A soundtrack of Joy Division fills the sunny kitchen of his Cambridge, Massachusetts, restaurant La Royal, as Peruvian-born chef JuanMa Calderón deftly maneuvers his skillet over a roaring flame. The heady scent of flash-seared meats and vegetables waft through the room as he drops in a tangle of pasta, tossing it all together with an umami-rich mix of soy sauce, oyster sauce and red wine vinegar. A squirt of lime juice completes the dish.

Calderón tips the stir-fry onto an enamelware tray, making sure to drizzle in any stray pan juices—what he calls “the gold.” Each forkful is a vibrant collision of flavors: the sweet-­savory one-two punch of the soy sauce and oyster sauce, heightened by the bright acidity of the vinegar and lime, with a burst of spice from hot peppers.

This is tallarín saltado, a simple, classic Peruvian noodle dish.

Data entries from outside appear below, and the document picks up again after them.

(* Let $\mu>\operatorname{cf}(\mu)=\kappa$ be a singular cardinal and let $\lambda$ be a regular cardinal with $\mu<\lambda\le 2^\mu$. Let $\mathcal{S}$ be a nice system for $\mu$, consisting of $(\mu_i:i<\kappa)$, $(\lambda_i:i<\kappa)$, $(\mathscr{D}_i:i<\kappa)$, $(W_i:i<\kappa)$, $(g_i:i<\kappa)$. Assume: (1) $\mathscr{D}$ is a uniform ultrafilter over $\kappa$ which is generated by at most $\lambda$ many sets; (2) $\bar f=(f_\alpha:\alpha<\lambda)$ is a sullam in $(\prod_{i<\kappa}W_i,\mathscr{D})$; (3) $\operatorname{cf}(\prod_{i<\kappa}\mathscr{D}_i,\supseteq)=\lambda$. Then there exists a uniform ultrafilter $\mathscr{U}$ over $\mu$ with $\operatorname{Ch}(\mathscr{U})\le\lambda$.
   Context: A filter over a cardinal $\theta$ is uniform if all its members have cardinality $\theta$; all filters $\mathscr{D}$ over a regular $\theta$ considered here are uniform and contain $\{\theta-u:u\in[\theta]^{<\theta}\}$. For $A,B\subseteq\theta$, $A\subseteq^* B$ means $|A-B|<\theta$. A base for a uniform filter $\mathcal{F}$ over $\theta$ is a subfamily $\mathcal{A}\subseteq\mathcal{F}$ such that every $B\in\mathcal{F}$ has some $A\in\mathcal{A}$ with $A\subseteq^*B$; $\operatorname{Ch}(\mathcal{F})$ is the minimal size of a base. For a filter $\mathscr{D}$ over $\theta$: $I(\mathscr{D})=\{A\subseteq\theta:\theta-A\in\mathscr{D}\}$, $\mathscr{D}^+=\mathcal{P}(\theta)-I(\mathscr{D})$, and $A\subseteq_{\mathscr{D}}B$ iff $A-B\in I(\mathscr{D})$. A quasi order $(W,\le_W)$ is a reflexive transitive relation; $V\subseteq W$ is dense if for every $x\in W$ there is $y\in V$ with $x\le_W y$. For a quasi order $W$ and a filter $\mathscr{D}$ over $\theta$, a function $g:W\to\mathscr{D}^+$ is $\subseteq_{\mathscr{D}}$-decreasing if $s\le_W t$ implies $g(t)\subseteq_{\mathscr{D}}g(s)$, and $g$ has the decidability property if for every $s\in W$ and every $A\subseteq\theta$ there is $t\in W$ with $s\le_W t$ and ($g(t)\subseteq_{\mathscr{D}}A$ or $g(t)\subseteq_{\mathscr{D}}\theta-A$). Nice system for singular $\mu$ with $\operatorname{cf}(\mu)=\kappa$: an increasing sequence of cardinals $(\mu_i:i<\kappa)$ with $\mu=\bigcup_i\mu_i$; an increasing sequence of regular cardinals $(\lambda_i:i<\kappa)$ with $\mu_i\le\lambda_i<\mu_{i+1}$; filters $\mathscr{D}_i$ over $\lambda_i$; quasi orders $W_i$; and functions $g_i:W_i\to\mathscr{D}_i^+$ each $\subseteq_{\mathscr{D}_i}$-decreasing with the decidability property. Sullam: for a regular $\kappa$, an ultrafilter (or filter) $\mathscr{D}$ over $\kappa$ containing all co-bounded sets, and quasi orders $W_i$, a sequence $(f_\alpha:\alpha<\lambda)$ with $f_\alpha\in\prod_{i<\kappa}W_i$ is a sullam in $(\prod_{i<\kappa}W_i,\mathscr{D})$ if (a) for $\alpha<\beta$, $\{i:f_\alpha(i)\le_{W_i}f_\beta(i)\}\in\mathscr{D}$, and (b) whenever $V_i\subseteq W_i$ is dense for each $i$, there is $\alpha<\lambda$ with $\{i:f_\alpha(i)\in V_i\}\in\mathscr{D}$. $\operatorname{cf}(\prod_{i<\kappa}\mathscr{D}_i,\supseteq)$ is the minimal size of a family $\mathcal{F}\subseteq\prod_{i<\kappa}\mathscr{D}_i$ such that for every $\langle B_i:i<\kappa\rangle\in\prod_i\mathscr{D}_i$ there is $\langle A_i:i<\kappa\rangle\in\mathcal{F}$ with $\{i:A_i\subseteq B_i\}\in\mathscr{D}$. *)

(* Cardinals are represented as well-ordered types whose
   proper initial segments all have strictly smaller cardinality
   (i.e. initial ordinals); cardinality comparison is via injections. *)
From Stdlib Require Import List.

It’s one of Peru’s many saltados, the stir-fries that are a staple of the Chinese-­influenced cuisine known as chifa—a product of the vast wave of Chinese immigration to Peru in the 19th century. In Peruvian cooking, South American, East Asian and European culinary roots deliciously intertwine.

Maria Rondeau, Calderón’s partner, notes the adaptive nature of chifa cuisine. “The Chinese immigrants married into the Peruvian culture, so they made Chinese food with a lot of Peruvian inflections,” she says. Which is how lo mein transformed into tallarín saltado, making use of locally available red wine vinegar, lime juice, ají amarillo peppers (a moderately spicy pepper native to Peru) and Italian pasta. “It’s all about bringing flavors together,” Rondeau says. “It’s about the joy on the plate.”

And, like any stir-fry, it’s also about heat and speed: Heat the pan until smoking, add the meat and aromatics to caramelize them, then quick-­sear the vegetables before incorporating the al dente noodles, which finish cooking in the rich sauce (made silky thanks to a splash of pasta cooking water).

In our version, we keep things fairly traditional. But in the spirit of adaptation, we swap in either Fresno or jalapeño peppers (a common substitute for ají amarillo, which is challenging to source in the U.S.), and we use balsamic rather than red wine vinegar, for extra depth. In Peru, tallarín saltado can be made with a variety of proteins; we opted for chicken. The result is a stir-fry bursting with flavor, deeply savory and smoky, yet sweet and tangy, with a pleasant heat from the chili. Truly, joy on a plate.